Clusters of galaxies are the largest gravitationally bound objects in the Universe. They consist of hundreds of galaxies and hot hydrogen gas which emits X-ray radiation. They are created through violent mergers of groups and smaller clusters of galaxies. During the phase of merging enormous amounts of energy is released, which lead to a multitude of extended radio phenomena, e.g. the formation of radio halos and radio relics (see Radio Ghosts in Galaxy Cluster Collisions). In the following hundreds of millions of years the galaxy clusters settle down again and the gas in the cluster centers cools, collapses, and becomes compressed. This forms so-called cold cores like that in the Perseus galaxy cluster (cf. Fig. 1). One whould expect that in the settled clusters which have not received a new input of energy in the last hundreds of million years no such extended radio emission to be observable. However, radio telescopes detect diffuse emission in such objects like the Perseus galaxy cluster (cf. Fig. 2). Where does the required energy for the emission come from?

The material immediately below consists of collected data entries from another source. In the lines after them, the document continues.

(* Let $0\leq\nu<\frac12$. Then for all $x>0$, \[ \Big(\frac{x}{x+\frac12-\nu}\Big)^{\nu+\frac12}<\sqrt{\frac{2x}{\pi}}\,\mathrm{e}^{x}K_\nu(x)<1 . \]
   Context: $K_\nu$ denotes the modified Bessel function of the second kind. *)

From Stdlib Require Import Reals.
From Coquelicot Require Import Coquelicot.
Open Scope R_scope.

(* Modified Bessel function of the second kind, for x > 0 and real order nu,
   via the standard integral representation
   K_nu(x) = \int_0^\infty exp(-x cosh t) cosh(nu t) dt
   (the integral converges absolutely for every x > 0). *)
Definition BesselK (nu x : R) : R :=
  RInt_gen (fun t => exp (- x * cosh t) * cosh (nu * t))
           (at_point 0) (Rbar_locally p_infty).

From Stdlib Require Import Reals Lra.
From Coquelicot Require Import Coquelicot.
Open Scope R_scope.

(* K_nu(x) is the improper integral of e^{-x cosh t} cosh (nu t) over [0, +oo).  For
   nu = 1/2 the substitution s = sqrt (2x) sinh (t/2) turns it into a Gaussian integral,
   so K_{1/2}(x) = sqrt (PI / (2x)) e^{-x}; the upper bound is K_nu < K_{1/2}, since
   cosh (nu t) < cosh (t/2).
   For the lower bound, t |-> ln cosh (p t) + (1+p)/2 ln (p + (1-p) cosh 2t) - ln cosh t
   vanishes at 0 and increases (because tanh (p t) >= p tanh t); with p = 2 nu this gives
   cosh (nu t) > cosh (t/2) B^{-(nu+1/2)} where B = 1 + (2 - 4 nu) sinh^2 (t/2).  Bounding
   the convex function B |-> B^{-(nu+1/2)} below by its tangent at A = 1 + (1/2 - nu)/x
   leaves A^{-(nu+1/2)} K_{1/2}(x) minus a nonnegative multiple of
   int_0^b e^{-x cosh t} cosh (t/2) (sinh^2 (t/2) - 1/(4x)) dt
     = - sinh (b/2) e^{-x cosh b} / (2x) <= 0.
   Both comparisons are strict because the integrands differ on (0, 1]. *)

(* auto_derive does not know cosh and sinh, hence the unfolding. *)
Ltac solve_continuous :=
  apply (ex_derive_continuous (K := R_AbsRing) (V := R_NormedModule));
  unfold cosh, sinh; auto_derive; auto.

Lemma exp_le_compat a b : a <= b -> exp a <= exp b.
Proof. intros [H| ->]; [now apply Rlt_le, exp_increasing|apply Rle_refl]. Qed.

(** * Improper integrals on [a, +oo) as limits of partial integrals *)

Lemma ex_RInt_of_continuous (f : R -> R) a b :
  (forall t, continuous f t) -> ex_RInt f a b.
Proof. intros Hf. apply (ex_RInt_continuous (V := R_CompleteNormedModule)). auto. Qed.

Lemma RInt_gen_p_infty (f : R -> R) a (l : R) :
  (forall t, continuous f t) -> is_lim (RInt f a) p_infty l ->
  RInt_gen f (at_point a) (Rbar_locally p_infty) = l.
Proof.
intros Hf Hl. apply is_RInt_gen_unique.
intros P [eps HP].
destruct (Hl (ball l eps)) as [M HM]; [now exists eps|].
apply (Filter_prod _ _ _ (fun u => u = a) (fun b => M < b)); [easy|now exists M|].
intros u b -> Hb. exists (RInt f a b). split.
- apply RInt_correct, ex_RInt_of_continuous, Hf.
- now apply HP, HM.
Qed.

Lemma is_lim_p_infty_incr_bounded (F : R -> R) a B :
  (forall u v, a <= u <= v -> F u <= F v) -> (forall u, a <= u -> F u <= B) ->
  exists l : R, is_lim F p_infty l.
Proof.
intros Hincr HB.
destruct (completeness (fun y => exists u, a <= u /\ y = F u)) as [l [Hub Hlub]].
- exists B. intros y [u [Hu ->]]. auto.
- exists (F a), a. split; [lra|easy].
- exists l. apply is_lim_spec. intros eps.
  assert (exists u, a <= u /\ l - eps < F u) as [u [Hu Hlt]].
  { apply Classical_Prop.NNPP. intros Hnot.
    enough (l <= l - eps) by (pose proof (cond_pos eps); lra).
    apply Hlub. intros y [v [Hv ->]].
    apply Rnot_lt_le. intros Hv'. apply Hnot. now exists v. }
  exists u. intros v Hv.
  assert (F u <= F v) by (apply Hincr; lra).
  assert (F v <= l) by (apply Hub; exists v; split; [lra|easy]).
  rewrite Rabs_left1; lra.
Qed.

Lemma RInt_nonneg_incr (f : R -> R) a u v :
  (forall t, continuous f t) -> (forall t, a <= t -> 0 <= f t) ->
  a <= u <= v -> RInt f a u <= RInt f a v.
Proof.
intros Hf Hpos Huv.
assert (Hex : forall c d, ex_RInt f c d) by (intros; now apply ex_RInt_of_continuous).
rewrite <- (RInt_Chasles f a u v) by apply Hex.
enough (0 <= RInt f u v) by (unfold plus; simpl; lra).
apply RInt_ge_0; [lra|apply Hex|]. intros t Ht. apply Hpos. lra.
Qed.
Lemma dot_subZ x y (t : R) :
  dot (x - t *: y) (x - t *: y) = dot x x - 2 * t * dot x y + t ^+ 2 * dot y y.
Proof.
rewrite /dot !mulr_sumr -sumrN -!big_split /=; apply: eq_bigr => i _.
rewrite !mxE; ring.
Qed.

Lemma dot_coord_le x i : x ord0 i * x ord0 i <= dot x x.
Proof.
by rewrite /dot (bigD1 i) //= lerDl; apply: sumr_ge0 => j _; rewrite -expr2 sqr_ge0.
Qed.

Lemma dot_ge0 x : 0 <= dot x x.
Proof. by apply: sumr_ge0 => i _; rewrite -expr2 sqr_ge0. Qed.

Lemma dot_eq0 x : dot x x = 0 -> x = 0.
Proof.
move=> x0; apply/matrixP => i j; rewrite mxE (ord1 i).
have := dot_coord_le x j; rewrite x0 -expr2 => xj.
by apply/eqP; rewrite -sqrf_eq0 eq_le xj sqr_ge0.
Qed.

Lemma continuous_sqdist c : continuous (fun v : 'rV[R]_n => dot (c - v) (c - v)).
Proof.
have sum_cont (I : Type) (r : seq I) (F : I -> 'rV[R]_n -> R) :
    (forall i, continuous (F i)) -> continuous (fun v => \sum_(i <- r) F i v).
  move=> Fcont; elim: r => [|i r IH].
    under eq_fun do rewrite big_nil.
    exact: cst_continuous.
  under eq_fun do rewrite big_cons.
  by move=> v; apply: continuousD; [exact: Fcont | exact: IH].
apply: sum_cont => i v.
have coord_cont : continuous (fun v : 'rV[R]_n => (c - v) ord0 i).
  under eq_fun do rewrite !mxE.
  by move=> w; apply: continuousB; [exact: cst_continuous | exact: coord_continuous].
by apply: continuousM; apply: coord_cont.
Qed.

Lemma ge0_affine_near0 (a q : R) :
  0 <= q -> (forall t, 0 < t <= 1 -> 0 <= t * q + a) -> 0 <= a.
Proof.
move=> q0 H; rewrite leNgt; apply/negP => a0.
pose t := - a / (q - a).
have tq : t * (q - a) = - a by rewrite /t mulfVK // gt_eqF //; lra.
have t0 : 0 < t by rewrite /t divr_gt0 ?oppr_gt0 //; lra.
have t1 : t <= 1 by rewrite /t ler_pdivrMr; lra.
have := H t; rewrite t0 t1 => /(_ isT).
have -> : t * q + a = t * a by nra.
by rewrite pmulr_rge0 // leNgt a0.
Qed.

(* The bound that confines the search for a point of a cone nearest to [c]
   to a compact box. *)
Lemma sqdist_gt_outside_box c (p : 'rV[R]_n) i :
  \sum_j `|c ord0 j| + 1 + dot c c < `|p ord0 i| ->
  dot c c < dot (c - p) (c - p).
Proof.
move=> hM; have := dot_coord_le (c - p) i; rewrite !mxE.
set x := c ord0 i - p ord0 i.
have cx : `|c ord0 i| <= \sum_j `|c ord0 j|.
  by rewrite (bigD1 i) //= lerDl; apply: sumr_ge0.
have px : `|p ord0 i| <= `|x| + `|c ord0 i|.
  have -> : p ord0 i = - x + c ord0 i by rewrite /x; ring.
  by rewrite (le_trans (ler_normD _ _)) // normrN.
have xx : x * x = `|x| * `|x| by rewrite -normrM ger0_norm // -expr2 sqr_ge0.
have := dot_ge0 c; rewrite xx; nra.
Qed.
(* Let $x \in \Gamma$ be a BPSP instance. Then the optimal cost and the set of optimal ICC solutions of the BPSP are, respectively, \begin{align*} \textsc{BPSP}(x) &= \frac{1}{2}\Big\{|x|-1-\max_{z\in\{-1,1\}^{|x|/2}} \sum_{i=1}^{|x|-1}(-1)^{\eta(x,i)} z_{x_i} z_{x_{i+1}}\Big\} \\ &= \frac{1}{2}\Big\{|x|-1+\#_{\mathrm{dl}}(x)-\max_{z\in\{-1,1\}^{|x|/2}} \sum_{\substack{i=1\\ x_i\neq x_{i+1}}}^{|x|-1}(-1)^{\eta(x,i)} z_{x_i} z_{x_{i+1}}\Big\},\\ \widetilde{\textsc{BPSP}^*}(x) &= \operatorname{argmax}_{z\in\{-1,1\}^{|x|/2}} \sum_{i=1}^{|x|-1}(-1)^{\eta(x,i)} z_{x_i} z_{x_{i+1}} = \operatorname{argmax}_{z\in\{-1,1\}^{|x|/2}} \sum_{\substack{i=1\\ x_i\neq x_{i+1}}}^{|x|-1}(-1)^{\eta(x,i)} z_{x_i} z_{x_{i+1}}. \end{align*}
   Context: $\Gamma_n$ is the set of words $x=(x_1,\ldots,x_{2n})\in[n]^{2n}$ in which every symbol of $[n]=\{1,\ldots,n\}$ occurs exactly twice, and $\Gamma=\bigcup_{n\ge1}\Gamma_n$; $|x|=2n$. A valid colouring of $x$ is $f\in\{r,b\}^{2n}$ with $f_i\neq f_j$ whenever $x_i=x_j$, $i\neq j$; its cost is $\xi(f)=\sum_{i=1}^{2n-1}[f_i\neq f_{i+1}]$, and $\textsc{BPSP}(x)$ is the minimum of $\xi(f)$ over valid colourings. In the ICC encoding, $z\in\{r,b\}^n$ gives the colour of the first occurrence of each symbol (the second occurrence gets the opposite colour), and $\widetilde{\textsc{BPSP}^*}(x)$ is the set of ICC strings $z$ minimising the resulting swap count. In the Ising formulation $r\equiv 1$, $b\equiv -1$. The eta function is $\eta(x,i)=[x_{i+1}\in\{x_1,\ldots,x_i\}]\oplus[x_i\in\{x_1,\ldots,x_{i-1}\}]$ for $i\in[2n-1]$, with $[\cdot]$ the Iverson bracket and $\oplus$ exclusive or. The double letter count is $\#_{\mathrm{dl}}(x)=|\{i\in[2n-1]: x_i=x_{i+1}\}|$. *)

From HB Require Import structures.
From mathcomp Require Import all_boot all_order all_algebra.
Set Implicit Arguments. Unset Strict Implicit. Unset Printing Implicit Defensive.
Import Order.TTheory GRing.Theory Num.Theory.

(* Words are sequences of naturals; symbols are 1..n as in the paper.
   Positions are 0-based: the paper's x_i is [nth 0 x (i-1)]. *)

Definition inGamma (n : nat) (x : seq nat) : Prop :=
  [/\ 0 < n, size x = 2 * n, all (fun s => 0 < s <= n) x
    & forall s, 0 < s <= n -> count_mem s x = 2].

(* Number of colour swaps xi(f) of a colour sequence (true = r, false = b). *)
Definition cost (f : seq bool) : nat :=
  \sum_(0 <= j < (size f).-1) (nth false f j != nth false f j.+1).

Definition valid (x : seq nat) (f : seq bool) : bool :=
  [forall i : 'I_(size x), forall j : 'I_(size x),
     (i != j) && (nth 0 x i == nth 0 x j) ==> (nth false f i != nth false f j)].

(* BPSP(x): minimum cost over valid colourings f in {r,b}^{2n}.
   The default 2n of the min is never reached since a valid colouring exists
   and every cost is <= 2n - 1. *)
Definition BPSP (n : nat) (x : seq nat) : nat :=
  \big[minn/(2 * n)]_(f : (2 * n).-tuple bool | valid x f) cost f.

Definition zs (n : nat) (z : n.-tuple bool) (s : nat) : bool := nth false z s.-1.

Definition icc (n : nat) (x : seq nat) (z : n.-tuple bool) : seq bool :=
  [seq (if nth 0 x j \in take j x then ~~ zs z (nth 0 x j) else zs z (nth 0 x j))
  | j <- iota 0 (size x)].

Definition BPSPstar (n : nat) (x : seq nat) : {set n.-tuple bool} :=
  [set z | [forall z' : n.-tuple bool, cost (icc x z) <= cost (icc x z')]].

Definition spin (b : bool) : int := if b then 1%R else (-1)%R.

(* eta(x, i) with 0-based j = i - 1:
   [x_{i+1} in {x_1..x_i}] xor [x_i in {x_1..x_{i-1}}]. *)
Definition eta (x : seq nat) (j : nat) : bool :=
  (nth 0 x j.+1 \in take j.+1 x) (+) (nth 0 x j \in take j x).

Definition dl (x : seq nat) : nat :=
  \sum_(0 <= j < (size x).-1) (nth 0 x j == nth 0 x j.+1).

Local Open Scope ring_scope.

Definition H1 (n : nat) (x : seq nat) (z : n.-tuple bool) : int :=
  \sum_(0 <= j < (size x).-1)
     (-1) ^+ eta x j * spin (zs z (nth 0 x j)) * spin (zs z (nth 0 x j.+1)).

Definition H2 (n : nat) (x : seq nat) (z : n.-tuple bool) : int :=
  \sum_(0 <= j < (size x).-1 | nth 0 x j != nth 0 x j.+1)
     (-1) ^+ eta x j * spin (zs z (nth 0 x j)) * spin (zs z (nth 0 x j.+1)).

(* max over z in {-1,1}^n (identified with {r,b}^n via spin); the default
   -|x| is below every value since |H| <= |x| - 1 and the range is nonempty. *)
Definition maxH (n : nat) (x : seq nat) (H : n.-tuple bool -> int) : int :=
  \big[Num.max/ - (size x)%:Z]_(z : n.-tuple bool) H z.

Definition argmaxH (n : nat) (H : n.-tuple bool -> int) : {set n.-tuple bool} :=
  [set z | [forall z' : n.-tuple bool, H z' <= H z]].

From Pilot Require Import Defs.
From HB Require Import structures.
From mathcomp Require Import all_boot all_order all_algebra zify lra.
Import Order.TTheory GRing.Theory Num.Theory.
Set Implicit Arguments. Unset Strict Implicit.
Local Open Scope ring_scope.

(* In the colouring induced by an ICC string z, position j gets z_{x_j}, flipped
   iff x_j occurred before; so there is a swap between j and j+1 exactly when
   (-1)^eta(x,j) z_{x_j} z_{x_{j+1}} = -1, and 2 cost = |x| - 1 - H1 z. Since
   each letter occurs twice, every valid colouring is induced by an ICC string,
   so minimising the cost is maximising H1. A double letter x_j = x_{j+1} always
   contributes -1 to H1, whence H2 = H1 + #dl. *)

Lemma size_icc n x (z : n.-tuple bool) : size (icc x z) = size x.
Proof. by rewrite size_map size_iota. Qed.

Lemma nth_icc n x (z : n.-tuple bool) j : (j < size x)%N ->
  nth false (icc x z) j = (nth 0%N x j \in take j x) (+) zs z (nth 0%N x j).
Proof.
move=> ltjx; rewrite (nth_map 0%N) ?size_iota // nth_iota // add0n.
by case: (_ \in _); case: (zs _ _).
Qed.

Lemma spin_addb_mul a b c d :
  spin (a (+) c) * spin (b (+) d) = (-1) ^+ (b (+) a) * spin c * spin d.
Proof. by case: a; case: b; case: c; case: d. Qed.

Lemma neq_spin a b : ((a != b) : nat)%:Z * 2 = 1 - spin a * spin b.
Proof. by case: a; case: b. Qed.

Lemma cost_le f : (cost f <= (size f).-1)%N.
Proof.
rewrite -[X in (_ <= X)%N]subn0 -[X in (_ <= X)%N]muln1 -sum_nat_const_nat.
by apply: leq_sum => j _; exact: leq_b1.
Qed.

Lemma cost_spin f : (0 < size f)%N ->
  (cost f)%:Z * 2 = (size f)%:Z - 1
    - \sum_(0 <= j < (size f).-1) spin (nth false f j) * spin (nth false f j.+1).
Proof.
move=> f_gt0; rewrite /cost -natz natr_sum mulr_suml.
have -> : (size f)%:Z - 1 = \sum_(0 <= j < (size f).-1) 1.
  by rewrite sumr_const_nat subn0 -[in LHS](prednK f_gt0) -natz -natr1 addrK.
by rewrite -sumrB; apply: eq_bigr => j _; rewrite natz neq_spin.
Qed.

Lemma cost_icc n x (z : n.-tuple bool) : (0 < size x)%N ->
  (cost (icc x z))%:Z * 2 = (size x)%:Z - 1 - H1 x z.
Proof.
move=> x_gt0; rewrite cost_spin size_icc //; congr (_ - _).
apply: eq_big_nat => j /andP[_ ltj]; rewrite !nth_icc; try lia.
exact: spin_addb_mul.
Qed.

Lemma H1_gt n x (z : n.-tuple bool) : (0 < size x)%N -> - (size x)%:Z < H1 x z.
Proof.
move=> x_gt0; have := cost_icc z x_gt0; have := cost_le (icc x z).
by rewrite size_icc; lia.
Qed.

Lemma BPSPstar_argmaxH1 n x : (0 < size x)%N -> BPSPstar n x = argmaxH (H1 (n:=n) x).
Proof.
move=> x_gt0; apply/setP => z; rewrite !inE; apply: eq_forallb => z'.
have := cost_icc z x_gt0; have := cost_icc z' x_gt0.
by move=> ? ?; apply/idP/idP; lia.
Qed.

Section AtMostTwice.

Variable x : seq nat.
Hypothesis count_le2 : forall s, (count_mem s x <= 2)%N.

Lemma repeat_notin_take i j : (i < j < size x)%N ->
  nth 0%N x i = nth 0%N x j -> nth 0%N x i \notin take i x.
Proof.
case/andP=> ltij ltjx xij; have ltix := ltn_trans ltij ltjx.
have in_drop : nth 0%N x i \in drop i.+1 x.
  rewrite xij -(subnKC ltij) -nth_drop mem_nth // size_drop.
  by rewrite ltn_sub2r // (leq_ltn_trans ltij).
have := count_le2 (nth 0%N x i).
rewrite -{2}(cat_take_drop i x) count_cat (drop_nth 0%N ltix) /= eqxx.
move: in_drop; rewrite -!has_pred1 !has_count.
(* [lia] sees the two occurrences of each count as distinct atoms
   (their element types differ syntactically) unless they are abstracted. *)
set a := count_mem _ (take i x); set b := count_mem _ (drop i.+1 x).
by clearbody a b; lia.
Qed.

Lemma icc_pair_neq n (z : n.-tuple bool) i j : (i < j < size x)%N ->
  nth 0%N x i = nth 0%N x j -> nth false (icc x z) i != nth false (icc x z) j.
Proof.
move=> /andP[ltij ltjx] xij; have ltix := ltn_trans ltij ltjx.
have seen_j : nth 0%N x j \in take j x.
  by rewrite -xij -(nth_take 0%N ltij) mem_nth // size_take ltjx.
rewrite !nth_icc // (negbTE (repeat_notin_take _ xij)) ?ltij // seen_j xij.
by case: (zs _ _).
Qed.

Lemma icc_valid n (z : n.-tuple bool) : valid x (icc x z).
Proof.
apply/forallP => i; apply/forallP => j; apply/implyP => /andP[neq_ij /eqP xij].
case: (ltngtP i j) => [ltij | ltji | eq_ij].
- by apply: icc_pair_neq xij; rewrite ltij ltn_ord.
- by rewrite eq_sym; apply: icc_pair_neq (esym xij); rewrite ltji ltn_ord.
- by rewrite (val_inj eq_ij) eqxx in neq_ij.
Qed.

Lemma H2_H1 n (z : n.-tuple bool) : H2 x z = H1 x z + (dl x)%:Z.
Proof.
rewrite /H2 big_mkcond /dl -natz natr_sum -big_split /H1.
apply: eq_big_nat => j /andP[_ ltj]; have ltj1 : (j.+1 < size x)%N by lia.
case: (nth 0%N x j =P nth 0%N x j.+1) => [xjj | _] /=; last by rewrite addr0.
have eta_double : Defs.eta x j.
  rewrite /Defs.eta (negbTE (repeat_notin_take _ xjj)) ?ltnSn // addbF -xjj.
  by rewrite -(nth_take 0%N (ltnSn j)) mem_nth // size_take ltj1.
rewrite eta_double -xjj.
by case: (zs _ _).
Qed.

End AtMostTwice.

Lemma valid_neq x f i j : valid x f -> (i < size x)%N -> (j < size x)%N -> i != j ->
  nth 0%N x i = nth 0%N x j -> nth false f i != nth false f j.
Proof.
move=> /forallP valid_f ltix ltjx neq_ij xij.
move/forallP: (valid_f (Ordinal ltix)) => /(_ (Ordinal ltjx)) /implyP; apply.
by rewrite -val_eqE /= neq_ij xij eqxx.
Qed.

Definition icc_of n (x : seq nat) (f : seq bool) : n.-tuple bool :=
  [tuple of mkseq (fun i => nth false f (index i.+1 x)) n].

Lemma valid_iccE n x f : all (fun s => 0 < s <= n)%N x -> size f = size x ->
  valid x f -> f = icc x (icc_of n x f).
Proof.
move=> letters size_f valid_f; apply: (@eq_from_nth _ false); first by rewrite size_icc.
move=> j; rewrite size_f => ltjx; rewrite nth_icc //.
set s := nth 0%N x j; have /andP[s_gt0 s_le] := allP letters s (mem_nth 0%N ltjx).
have -> : zs (icc_of n x f) s = nth false f (index s x).
  by rewrite /zs nth_mkseq prednK //; lia.
have [seen | fresh] := boolP (s \in take j x).
  have lt_idx : (index s x < j)%N by rewrite -in_take_leq // (ltnW ltjx).
  have neq_idx : j != index s x by rewrite neq_ltn lt_idx orbT.
  have := valid_neq valid_f ltjx (ltn_trans lt_idx ltjx) neq_idx
    (esym (nth_index 0%N (mem_nth 0%N ltjx))).
  by case: (nth false f j); case: (nth false f _).
have -> // : index s x = j.
  by apply/eqP; rewrite eqn_leq index_nth // leqNgt -in_take_leq ?(ltnW ltjx).
Qed.

Lemma inGamma_count_le2 n x : inGamma n x -> forall s, (count_mem s x <= 2)%N.
Proof.
case=> _ _ letters count2 s; have [s_in | s_out] := boolP (0 < s <= n)%N.
  by rewrite count2.
rewrite (count_memPn _) //; apply: contra s_out; exact: (allP letters).
Qed.

Lemma BPSPstar_neq0 n x : BPSPstar n x != set0.
Proof.
apply/set0Pn; exists [arg min_(z < [tuple of nseq n false]) cost (icc x z)].
by rewrite inE; case: arg_minnP => // z _ z_min; apply/forallP => z'; exact: z_min.
Qed.

Lemma BPSP_icc n x z : inGamma n x -> z \in BPSPstar n x -> BPSP n x = cost (icc x z).
Proof.
move=> xG zopt; have count_le2 := inGamma_count_le2 xG.
case: xG => n_gt0 size_x letters _.
have size_icc_z : size (icc x z) == (2 * n)%N by rewrite size_icc size_x.
have valid_icc_z : valid x (Tuple size_icc_z) by exact: icc_valid.
have cost_le_2n (f : (2 * n).-tuple bool) : (cost f <= 2 * n)%N.
  by rewrite (leq_trans (cost_le f)) // size_tuple leq_pred.
rewrite /BPSP -minEnat; apply/eqP; rewrite eq_le (bigmin_le_cond _ _ valid_icc_z) /=.
have [f valid_f ->] := eq_bigmin (x := (2 * n)%N) _
  (fun f : (2 * n).-tuple bool => valid x f) (fun f => cost f) valid_icc_z
  (fun f _ => cost_le_2n f).
have size_f : size f = size x by rewrite size_tuple size_x.
rewrite (valid_iccE letters size_f valid_f).
by move: zopt; rewrite inE => /forallP.
Qed.

Lemma maxH_argmax n x (H : n.-tuple bool -> int) z :
  (forall z', - (size x)%:Z <= H z') -> z \in argmaxH H -> maxH x H = H z.
Proof.
move=> H_ge; rewrite inE => /forallP z_max.
by apply/eqP; rewrite eq_le le_bigmax andbT; apply/bigmax_leP.
Qed.

Lemma argmaxH_shift n (H H' : n.-tuple bool -> int) c :
  (forall z, H' z = H z + c) -> argmaxH H' = argmaxH H.
Proof.
move=> HH'; apply/setP => z; rewrite !inE.
by apply: eq_forallb => z'; rewrite !HH' lerD2r.
Qed.

Unset Implicit Arguments.

Theorem corollary5 (n : nat) (x : seq nat) :
  inGamma n x ->
  [/\ (BPSP n x)%:Q = 2^-1 * ((size x)%:Q - 1 - (maxH x (H1 (n:=n) x))%:~R),
      (BPSP n x)%:Q = 2^-1 * ((size x)%:Q - 1 + (dl x)%:Q - (maxH x (H2 (n:=n) x))%:~R),
      BPSPstar n x = argmaxH (H1 (n:=n) x)
    & BPSPstar n x = argmaxH (H2 (n:=n) x)].
Proof.
move=> xG; have count_le2 := inGamma_count_le2 xG.
have x_gt0 : (0 < size x)%N by case: xG => n_gt0 ->; rewrite muln_gt0.
have star_H1 := BPSPstar_argmaxH1 n x_gt0.
have star_H2 : BPSPstar n x = argmaxH (H2 (n:=n) x).
  by rewrite star_H1 (argmaxH_shift (H2_H1 count_le2 (n:=n))).
have H1_ge (z : n.-tuple bool) : - (size x)%:Z <= H1 x z := ltW (H1_gt z x_gt0).
have H2_ge (z : n.-tuple bool) : - (size x)%:Z <= H2 x z.
  by rewrite H2_H1 // (le_trans (H1_ge z)) // lerDl.
have [z zopt] := set0Pn _ (BPSPstar_neq0 n x).
have z_H1 : z \in argmaxH (H1 x) by rewrite -star_H1.
have z_H2 : z \in argmaxH (H2 x) by rewrite -star_H2.
rewrite (maxH_argmax H1_ge z_H1) (maxH_argmax H2_ge z_H2).
have /(congr1 (intr : int -> rat)) := cost_icc z x_gt0.
have /(congr1 (intr : int -> rat)) := H2_H1 count_le2 z.
rewrite -(BPSP_icc xG zopt) !rmorphB !rmorphD !rmorphM /= => H2z costz.
by split => //; lra.
Qed.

In the scenario proposed by Christoph Pfrommer and Torsten En▀lin cosmic ray protons serve as an energy storage medium. These particles are able to store a part of the energy released by group-cluster and cluster-cluster collisions in the relatively thin gas inside clusters. This energy can be stored for billions and billions of years and will not be emitted until the fast cosmic ray protons collide with gas particles. The denser the gas within the centers of clusters of galaxies the more frequent these particles collide. During such collisions the fast protons create mostly pions. Many of the pions decay into electrons and positrons which gyrate around magnetic field lines of the cluster of galaxies. Because of the rapid circular motion the electrons radiate their energy which can in turn be detected by radio telescopes after a long cosmic journey (cf. Fig. 3).

Calculations show that comparatively few cosmic ray protons are necessesary to reproduce the observed radio glowing. Moreover, there exists an astonishingly good consistency between the predicted radio brightness distribution using this model and the measured radio data (cf. Fig. 4).

The described particle interactions should also release high-energetic gamma ray emission which can be detected on Earth using Cerenkov telescopes. The recent gamma ray observation of the Virgo galaxy cluster using such a telescope (HEGRA) could be a first indication of the correctness of this scenario. Conclusive information about this model is being expected with the launch of the future satellite mission GLAST (start date 2006).